The data:
⟨

Lemma dsd_step_restr N L s a : admits (restr_pairs N L) s a = (N a == Some s) ->
  dsd_step J s (restr_pairs N L) a = restr_pairs N (rcons L (s, a)).
Proof.
move=> adm; apply/ffunP=> x; rewrite dsd_stepE adm !ffunE.
case: (eqVneq x a) => [->|xa] /=.
  case: eqP => [->|]; first by rewrite mem_rcons mem_head.
  case: (N a) => [t|] // tNs; rewrite mem_rcons inE xpair_eqE eqxx andbT.
  by case: eqP => [ts|]; first by case: tNs; rewrite ts.
by case: (N x) => [t|] //; rewrite mem_rcons inE xpair_eqE (negPf xa) andbF.
Qed.

Lemma dsd_step_matching M s a : is_matching J M -> acceptable J a s ->
  is_matching J (dsd_step J s M a).
Proof.
move=> [Macc Mcap] acc; rewrite /dsd_step.
case: ifP => [/andP[/andP[/eqP Ma u1] u2]|_]; last by split.
split=> [x t|t q]; rewrite ?ffunE; first by case: eqP => [-> [<-]|_ /Macc].
set M' := [ffun x => _].
have [/andP[/eqP-> aq]|other] := boolP ((t == s) && has_subject J a q).
  have sub : Msub J M' s q \subset a |: Msub J M s q.
    by apply/subsetP => b; rewrite !inE ffunE; case: (eqVneq b a) => [->|_] /=; rewrite ?eqxx.
  apply: leq_trans (subset_leq_card sub) _; rewrite cardsU1 !inE Ma /= add1n.
  by case/orP: aq => /eqP <-.
suff -> : Msub J M' t q = Msub J M t q by [].
apply/setP=> b; rewrite !inE ffunE; case: (eqVneq b a) => [->|//]; rewrite Ma /=.
by apply: contraNF other => /andP[/eqP[->] ->]; rewrite eqxx.
Qed.

Definition dsd_pair_step (M : assignment A S) (p : S * A) : assignment A S :=
  dsd_step J p.1 M p.2.

Definition dsd_run (L : seq (S * A)) : assignment A S :=
  foldl dsd_pair_step [ffun => None] L.

Definition dsd_pairs (ms : seq S) : seq (S * A) := [seq (s, a) | s <- ms, a <- slist J s].

Lemma dsdE ms : dsd J ms = dsd_run (dsd_pairs ms).
Proof.
rewrite /dsd /dsd_run; elim: ms [ffun => None] => //= s ms IH M.
rewrite foldl_cat -IH; congr foldl.
by rewrite /dsd_school; elim: (slist J s) M => //= a l IHl M; rewrite IHl.
Qed.

Lemma mem_dsd_pairs ms s a : ((s, a) \in dsd_pairs ms) = (s \in ms) && (a \in slist J s).
Proof.
apply/allpairsPdep/andP => [[t [x [? ? [-> ->]]]] //|[? ?]].
by exists s, a.
Qed.

Lemma foldl_dsd_keep L (M : assignment A S) x t :
  M x = Some t -> foldl dsd_pair_step M L x = Some t.
Proof.
elim: L M => //= p L IH M Mx; apply: IH.
by rewrite /dsd_pair_step dsd_stepE; case: eqP => [xp|//]; rewrite /admits -xp Mx.
Qed.

Lemma foldl_dsd_origin L (M : assignment A S) x t :
  foldl dsd_pair_step M L x = Some t -> M x = Some t \/ (t, x) \in L.
Proof.
elim: L M => [|[s a] L IH] M /=; first by left.
case/IH => [|tL]; last by right; rewrite inE tL orbT.
rewrite /dsd_pair_step dsd_stepE; case: ifP => [/andP[/eqP-> _] [<-]|_]; last by left.
by right; rewrite mem_head.
Qed.

Lemma dsd_run_prefix L R : uniq (L ++ R) -> dsd_run L = restr_pairs (dsd_run (L ++ R)) L.
Proof.
rewrite cat_uniq => /and3P[_ LR _]; apply/ffunP=> x; rewrite ffunE /dsd_run foldl_cat.
set E := foldl dsd_pair_step [ffun => None] L.
case Lx: (E x) => [t|].
  have [|tL] := foldl_dsd_origin Lx; first by rewrite ffunE.
  by rewrite (foldl_dsd_keep _ Lx) tL.
case Rx: (foldl dsd_pair_step E R x) => [t|] //; case: ifP => // tL.
have [|tR] := foldl_dsd_origin Rx; first by rewrite Lx.
by move/hasPn: LR => /(_ _ tR); rewrite tL.
Qed.

Lemma dsd_run_matching L : (forall s a, (s, a) \in L -> acceptable J a s) ->
  is_matching J (dsd_run L).
Proof.
rewrite /dsd_run; have : is_matching J [ffun => None].
  split=> [x t|s p]; rewrite ?ffunE // (_ : Msub J _ s p = set0) ?cards0 //.
  by apply/setP=> x; rewrite !inE ffunE.
elim: L [ffun => None] => //= [[s a] L IH] M MM acc.
apply: IH => [|t x xL]; first by apply: dsd_step_matching; rewrite ?acc ?mem_head.
by rewrite acc // inE xL orbT.
Qed.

⟩

What to do: I need every line of the material that includes "Msub", so please copy them out.

Result:
  have sub : Msub J M' s q \subset a |: Msub J M s q.
suff -> : Msub J M' t q = Msub J M t q by [].
  split=> [x t|s p]; rewrite ?ffunE // (_ : Msub J _ s p = set0) ?cards0 //.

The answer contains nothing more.